Take the records below and retype them line by line, from the first line through the one containing "counts the pairs"; stop there.

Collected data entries
· · · · · · ·

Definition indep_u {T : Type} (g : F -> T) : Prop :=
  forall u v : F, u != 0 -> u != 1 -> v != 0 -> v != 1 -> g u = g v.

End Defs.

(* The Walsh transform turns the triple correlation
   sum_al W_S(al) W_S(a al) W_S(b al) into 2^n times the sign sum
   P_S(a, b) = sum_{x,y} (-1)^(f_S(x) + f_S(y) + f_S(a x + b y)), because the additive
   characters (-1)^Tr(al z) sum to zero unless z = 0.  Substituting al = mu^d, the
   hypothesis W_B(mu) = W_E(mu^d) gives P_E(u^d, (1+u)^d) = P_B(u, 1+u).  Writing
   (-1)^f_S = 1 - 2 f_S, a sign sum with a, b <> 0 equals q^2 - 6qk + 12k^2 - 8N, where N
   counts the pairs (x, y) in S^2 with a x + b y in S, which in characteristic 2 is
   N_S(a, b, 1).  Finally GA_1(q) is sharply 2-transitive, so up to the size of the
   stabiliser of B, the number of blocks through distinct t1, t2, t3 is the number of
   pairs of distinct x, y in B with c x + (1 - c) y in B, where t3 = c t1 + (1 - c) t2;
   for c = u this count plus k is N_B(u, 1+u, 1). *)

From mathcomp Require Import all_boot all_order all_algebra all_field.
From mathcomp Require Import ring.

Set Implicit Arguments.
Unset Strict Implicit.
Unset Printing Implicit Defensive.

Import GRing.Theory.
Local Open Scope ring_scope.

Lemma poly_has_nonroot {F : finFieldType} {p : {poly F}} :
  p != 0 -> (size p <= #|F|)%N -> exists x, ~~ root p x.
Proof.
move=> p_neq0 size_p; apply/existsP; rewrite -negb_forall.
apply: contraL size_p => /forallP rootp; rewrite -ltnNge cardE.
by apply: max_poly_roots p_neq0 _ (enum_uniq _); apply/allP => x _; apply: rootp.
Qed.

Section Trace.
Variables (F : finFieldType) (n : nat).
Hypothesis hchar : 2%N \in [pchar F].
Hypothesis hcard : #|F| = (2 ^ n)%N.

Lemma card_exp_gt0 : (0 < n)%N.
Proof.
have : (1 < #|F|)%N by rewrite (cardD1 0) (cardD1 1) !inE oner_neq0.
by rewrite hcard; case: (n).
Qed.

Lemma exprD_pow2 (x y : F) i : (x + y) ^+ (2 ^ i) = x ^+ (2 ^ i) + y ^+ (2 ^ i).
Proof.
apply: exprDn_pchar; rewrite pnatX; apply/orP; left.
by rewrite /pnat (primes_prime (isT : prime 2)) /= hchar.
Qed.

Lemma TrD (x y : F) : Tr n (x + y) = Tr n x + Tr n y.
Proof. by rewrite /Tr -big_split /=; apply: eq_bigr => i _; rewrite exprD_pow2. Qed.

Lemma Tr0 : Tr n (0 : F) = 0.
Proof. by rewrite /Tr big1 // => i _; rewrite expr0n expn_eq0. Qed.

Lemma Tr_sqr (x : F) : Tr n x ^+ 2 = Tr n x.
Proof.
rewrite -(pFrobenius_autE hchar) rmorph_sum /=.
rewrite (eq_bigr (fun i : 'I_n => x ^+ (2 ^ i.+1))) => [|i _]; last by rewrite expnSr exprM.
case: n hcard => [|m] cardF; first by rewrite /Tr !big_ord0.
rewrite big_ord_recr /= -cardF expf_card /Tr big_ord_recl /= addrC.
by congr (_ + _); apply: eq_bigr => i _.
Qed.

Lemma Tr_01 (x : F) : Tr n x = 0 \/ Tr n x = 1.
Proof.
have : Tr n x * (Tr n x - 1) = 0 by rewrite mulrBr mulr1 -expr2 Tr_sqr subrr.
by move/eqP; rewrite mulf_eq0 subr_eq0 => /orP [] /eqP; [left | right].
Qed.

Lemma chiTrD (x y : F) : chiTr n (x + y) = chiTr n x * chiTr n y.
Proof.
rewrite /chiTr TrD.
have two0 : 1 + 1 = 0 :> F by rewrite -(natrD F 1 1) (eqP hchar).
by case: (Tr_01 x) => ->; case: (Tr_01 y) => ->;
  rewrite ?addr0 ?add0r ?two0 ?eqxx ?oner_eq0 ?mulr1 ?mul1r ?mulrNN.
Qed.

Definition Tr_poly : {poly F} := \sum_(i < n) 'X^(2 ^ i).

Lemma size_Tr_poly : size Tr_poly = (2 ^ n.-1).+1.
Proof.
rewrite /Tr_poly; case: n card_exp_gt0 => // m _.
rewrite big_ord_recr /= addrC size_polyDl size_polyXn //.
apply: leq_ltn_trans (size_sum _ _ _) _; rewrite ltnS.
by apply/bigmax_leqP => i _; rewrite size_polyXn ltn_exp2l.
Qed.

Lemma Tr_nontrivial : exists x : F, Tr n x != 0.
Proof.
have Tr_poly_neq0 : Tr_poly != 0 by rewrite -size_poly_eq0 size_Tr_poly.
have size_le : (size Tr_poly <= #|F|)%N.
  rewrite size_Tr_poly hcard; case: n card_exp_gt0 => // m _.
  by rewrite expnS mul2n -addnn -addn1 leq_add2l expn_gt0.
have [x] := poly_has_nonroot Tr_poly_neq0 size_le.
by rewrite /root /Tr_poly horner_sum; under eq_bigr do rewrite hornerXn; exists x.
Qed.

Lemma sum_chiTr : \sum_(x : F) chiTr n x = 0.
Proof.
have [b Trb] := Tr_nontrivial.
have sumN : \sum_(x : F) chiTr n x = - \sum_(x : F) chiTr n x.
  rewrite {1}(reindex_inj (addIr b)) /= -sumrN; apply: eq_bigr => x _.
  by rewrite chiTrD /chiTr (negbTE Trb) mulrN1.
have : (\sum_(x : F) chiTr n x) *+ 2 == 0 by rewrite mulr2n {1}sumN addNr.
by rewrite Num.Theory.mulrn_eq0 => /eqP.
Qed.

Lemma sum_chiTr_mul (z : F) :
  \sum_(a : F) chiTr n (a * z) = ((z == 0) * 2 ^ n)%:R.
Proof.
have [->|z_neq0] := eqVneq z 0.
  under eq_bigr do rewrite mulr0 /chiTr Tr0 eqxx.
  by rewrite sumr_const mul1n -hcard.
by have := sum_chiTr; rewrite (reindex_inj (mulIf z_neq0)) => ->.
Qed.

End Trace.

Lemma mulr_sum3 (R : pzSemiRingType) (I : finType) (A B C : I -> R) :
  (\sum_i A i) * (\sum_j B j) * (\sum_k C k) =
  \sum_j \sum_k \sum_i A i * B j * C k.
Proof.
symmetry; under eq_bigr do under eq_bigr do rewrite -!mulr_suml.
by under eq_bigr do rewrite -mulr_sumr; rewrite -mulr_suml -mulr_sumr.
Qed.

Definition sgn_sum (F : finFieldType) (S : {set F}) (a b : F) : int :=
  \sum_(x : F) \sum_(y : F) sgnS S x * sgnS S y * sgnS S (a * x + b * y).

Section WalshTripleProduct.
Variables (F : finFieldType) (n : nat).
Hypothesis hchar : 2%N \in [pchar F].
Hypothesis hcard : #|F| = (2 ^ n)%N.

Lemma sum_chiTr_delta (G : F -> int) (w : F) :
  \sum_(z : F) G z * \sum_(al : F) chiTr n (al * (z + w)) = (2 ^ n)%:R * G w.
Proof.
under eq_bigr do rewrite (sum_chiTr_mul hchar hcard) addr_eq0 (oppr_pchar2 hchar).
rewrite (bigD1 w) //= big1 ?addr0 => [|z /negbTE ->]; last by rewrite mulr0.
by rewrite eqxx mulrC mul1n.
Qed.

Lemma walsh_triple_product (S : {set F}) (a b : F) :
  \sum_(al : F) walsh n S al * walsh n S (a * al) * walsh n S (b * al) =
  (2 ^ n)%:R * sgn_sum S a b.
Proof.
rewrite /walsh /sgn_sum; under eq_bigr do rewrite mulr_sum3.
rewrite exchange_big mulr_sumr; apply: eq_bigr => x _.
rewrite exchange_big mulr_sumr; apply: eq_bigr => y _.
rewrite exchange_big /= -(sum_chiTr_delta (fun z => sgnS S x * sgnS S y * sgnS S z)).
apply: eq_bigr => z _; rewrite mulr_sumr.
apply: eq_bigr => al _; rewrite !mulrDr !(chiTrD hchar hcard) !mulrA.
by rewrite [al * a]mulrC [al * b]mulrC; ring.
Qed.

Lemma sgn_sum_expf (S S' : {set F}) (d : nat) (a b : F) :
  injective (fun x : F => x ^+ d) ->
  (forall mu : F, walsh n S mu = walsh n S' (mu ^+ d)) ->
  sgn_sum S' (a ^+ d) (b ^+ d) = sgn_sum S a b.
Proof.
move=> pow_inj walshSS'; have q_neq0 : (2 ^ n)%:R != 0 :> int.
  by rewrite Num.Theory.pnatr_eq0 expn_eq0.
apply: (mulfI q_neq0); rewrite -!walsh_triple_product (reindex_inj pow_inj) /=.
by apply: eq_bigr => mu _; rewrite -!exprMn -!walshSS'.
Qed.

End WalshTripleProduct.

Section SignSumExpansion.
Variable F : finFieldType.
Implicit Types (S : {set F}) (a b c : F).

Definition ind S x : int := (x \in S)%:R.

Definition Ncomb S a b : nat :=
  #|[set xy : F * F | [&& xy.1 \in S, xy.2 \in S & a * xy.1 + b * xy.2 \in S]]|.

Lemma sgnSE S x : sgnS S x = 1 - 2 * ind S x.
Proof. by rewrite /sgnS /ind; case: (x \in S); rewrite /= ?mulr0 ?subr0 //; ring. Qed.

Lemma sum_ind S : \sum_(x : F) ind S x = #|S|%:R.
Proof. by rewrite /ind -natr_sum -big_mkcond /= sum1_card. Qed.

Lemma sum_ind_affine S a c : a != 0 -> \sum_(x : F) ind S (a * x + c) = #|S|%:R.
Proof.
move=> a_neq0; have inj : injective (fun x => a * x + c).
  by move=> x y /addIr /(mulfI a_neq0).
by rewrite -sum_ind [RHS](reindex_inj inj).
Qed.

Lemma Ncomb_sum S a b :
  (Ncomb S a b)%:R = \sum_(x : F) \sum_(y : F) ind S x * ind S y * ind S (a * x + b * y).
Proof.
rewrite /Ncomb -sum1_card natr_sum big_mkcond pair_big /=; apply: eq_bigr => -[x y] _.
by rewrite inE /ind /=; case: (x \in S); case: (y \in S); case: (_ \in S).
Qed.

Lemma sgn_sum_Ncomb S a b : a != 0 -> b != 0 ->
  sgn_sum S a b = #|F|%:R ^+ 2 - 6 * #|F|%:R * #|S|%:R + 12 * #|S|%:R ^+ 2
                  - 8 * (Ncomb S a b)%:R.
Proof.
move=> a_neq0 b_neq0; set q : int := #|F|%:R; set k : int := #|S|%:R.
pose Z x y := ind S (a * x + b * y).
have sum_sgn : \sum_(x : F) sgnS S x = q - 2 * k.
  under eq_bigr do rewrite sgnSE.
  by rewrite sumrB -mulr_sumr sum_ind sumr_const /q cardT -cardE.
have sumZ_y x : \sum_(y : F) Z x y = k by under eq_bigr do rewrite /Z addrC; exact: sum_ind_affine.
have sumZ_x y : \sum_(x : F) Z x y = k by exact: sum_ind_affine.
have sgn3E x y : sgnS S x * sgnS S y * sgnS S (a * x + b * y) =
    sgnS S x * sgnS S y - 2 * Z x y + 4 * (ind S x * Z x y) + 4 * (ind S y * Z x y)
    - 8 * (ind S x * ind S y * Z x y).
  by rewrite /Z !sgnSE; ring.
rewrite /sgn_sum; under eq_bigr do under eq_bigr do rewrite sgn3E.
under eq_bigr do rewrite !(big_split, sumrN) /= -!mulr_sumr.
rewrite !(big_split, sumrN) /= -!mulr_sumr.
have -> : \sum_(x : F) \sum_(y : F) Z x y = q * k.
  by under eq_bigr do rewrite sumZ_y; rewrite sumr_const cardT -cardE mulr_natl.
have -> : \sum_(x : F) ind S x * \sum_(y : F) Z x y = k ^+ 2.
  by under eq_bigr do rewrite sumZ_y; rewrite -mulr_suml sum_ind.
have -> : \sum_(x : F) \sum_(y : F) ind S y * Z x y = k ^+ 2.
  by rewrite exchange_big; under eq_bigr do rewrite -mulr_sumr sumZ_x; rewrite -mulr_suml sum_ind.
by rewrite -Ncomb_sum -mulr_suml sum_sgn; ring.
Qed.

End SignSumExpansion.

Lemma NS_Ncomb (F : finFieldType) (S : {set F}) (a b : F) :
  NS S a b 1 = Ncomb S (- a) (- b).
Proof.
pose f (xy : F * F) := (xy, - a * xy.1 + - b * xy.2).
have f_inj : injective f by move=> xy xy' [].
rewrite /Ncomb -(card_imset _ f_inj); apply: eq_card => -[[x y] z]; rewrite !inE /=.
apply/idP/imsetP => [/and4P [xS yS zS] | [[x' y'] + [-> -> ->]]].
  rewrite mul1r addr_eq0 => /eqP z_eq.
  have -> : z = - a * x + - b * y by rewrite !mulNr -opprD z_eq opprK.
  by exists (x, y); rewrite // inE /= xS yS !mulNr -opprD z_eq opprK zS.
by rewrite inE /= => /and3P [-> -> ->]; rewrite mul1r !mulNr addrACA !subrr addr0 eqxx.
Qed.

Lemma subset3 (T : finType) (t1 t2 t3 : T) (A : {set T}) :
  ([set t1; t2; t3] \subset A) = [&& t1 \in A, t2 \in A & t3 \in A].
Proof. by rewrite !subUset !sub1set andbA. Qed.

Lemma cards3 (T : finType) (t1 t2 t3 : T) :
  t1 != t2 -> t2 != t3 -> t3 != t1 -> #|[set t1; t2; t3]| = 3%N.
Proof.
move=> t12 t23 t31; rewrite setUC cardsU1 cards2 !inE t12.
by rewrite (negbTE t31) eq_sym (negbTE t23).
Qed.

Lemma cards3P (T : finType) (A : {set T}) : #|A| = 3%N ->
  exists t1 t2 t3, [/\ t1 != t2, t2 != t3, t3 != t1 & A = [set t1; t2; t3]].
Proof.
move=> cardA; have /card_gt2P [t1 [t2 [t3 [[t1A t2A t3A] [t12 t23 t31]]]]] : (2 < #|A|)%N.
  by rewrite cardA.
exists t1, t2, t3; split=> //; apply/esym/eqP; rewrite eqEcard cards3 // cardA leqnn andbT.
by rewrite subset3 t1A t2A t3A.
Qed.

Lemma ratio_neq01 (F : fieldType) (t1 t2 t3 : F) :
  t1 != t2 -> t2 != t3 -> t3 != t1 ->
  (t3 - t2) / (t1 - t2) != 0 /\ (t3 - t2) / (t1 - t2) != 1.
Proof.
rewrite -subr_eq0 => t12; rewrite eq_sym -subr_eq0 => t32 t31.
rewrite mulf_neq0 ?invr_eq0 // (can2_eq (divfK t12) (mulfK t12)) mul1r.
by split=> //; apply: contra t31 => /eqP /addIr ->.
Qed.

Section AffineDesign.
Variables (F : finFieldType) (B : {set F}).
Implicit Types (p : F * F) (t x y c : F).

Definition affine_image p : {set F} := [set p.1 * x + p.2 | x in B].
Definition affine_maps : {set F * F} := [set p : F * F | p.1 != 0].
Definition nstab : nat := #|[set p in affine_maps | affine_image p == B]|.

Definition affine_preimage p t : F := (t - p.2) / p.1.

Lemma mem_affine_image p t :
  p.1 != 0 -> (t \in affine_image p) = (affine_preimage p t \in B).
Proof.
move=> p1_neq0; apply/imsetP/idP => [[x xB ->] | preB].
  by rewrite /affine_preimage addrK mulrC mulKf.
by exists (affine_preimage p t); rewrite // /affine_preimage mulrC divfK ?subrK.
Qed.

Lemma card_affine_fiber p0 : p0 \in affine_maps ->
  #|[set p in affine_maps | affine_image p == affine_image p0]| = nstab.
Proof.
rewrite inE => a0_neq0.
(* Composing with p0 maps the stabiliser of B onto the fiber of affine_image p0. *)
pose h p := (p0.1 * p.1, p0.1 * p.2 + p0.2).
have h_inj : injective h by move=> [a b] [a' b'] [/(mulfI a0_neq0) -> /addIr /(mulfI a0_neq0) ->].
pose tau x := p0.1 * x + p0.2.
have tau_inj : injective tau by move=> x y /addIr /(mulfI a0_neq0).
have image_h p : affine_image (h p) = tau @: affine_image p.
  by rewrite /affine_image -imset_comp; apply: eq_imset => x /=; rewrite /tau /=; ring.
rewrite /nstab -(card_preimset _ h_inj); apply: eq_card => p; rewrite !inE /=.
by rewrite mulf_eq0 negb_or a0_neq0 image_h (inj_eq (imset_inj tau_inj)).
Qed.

· · · · · · ·

## ANSWER BOX
Definition indep_u {T : Type} (g : F -> T) : Prop :=
  forall u v : F, u != 0 -> u != 1 -> v != 0 -> v != 1 -> g u = g v.

End Defs.

(* The Walsh transform turns the triple correlation
   sum_al W_S(al) W_S(a al) W_S(b al) into 2^n times the sign sum
   P_S(a, b) = sum_{x,y} (-1)^(f_S(x) + f_S(y) + f_S(a x + b y)), because the additive
   characters (-1)^Tr(al z) sum to zero unless z = 0.  Substituting al = mu^d, the
   hypothesis W_B(mu) = W_E(mu^d) gives P_E(u^d, (1+u)^d) = P_B(u, 1+u).  Writing
   (-1)^f_S = 1 - 2 f_S, a sign sum with a, b <> 0 equals q^2 - 6qk + 12k^2 - 8N, where N
   counts the pairs (x, y) in S^2 with a x + b y in S, which in characteristic 2 is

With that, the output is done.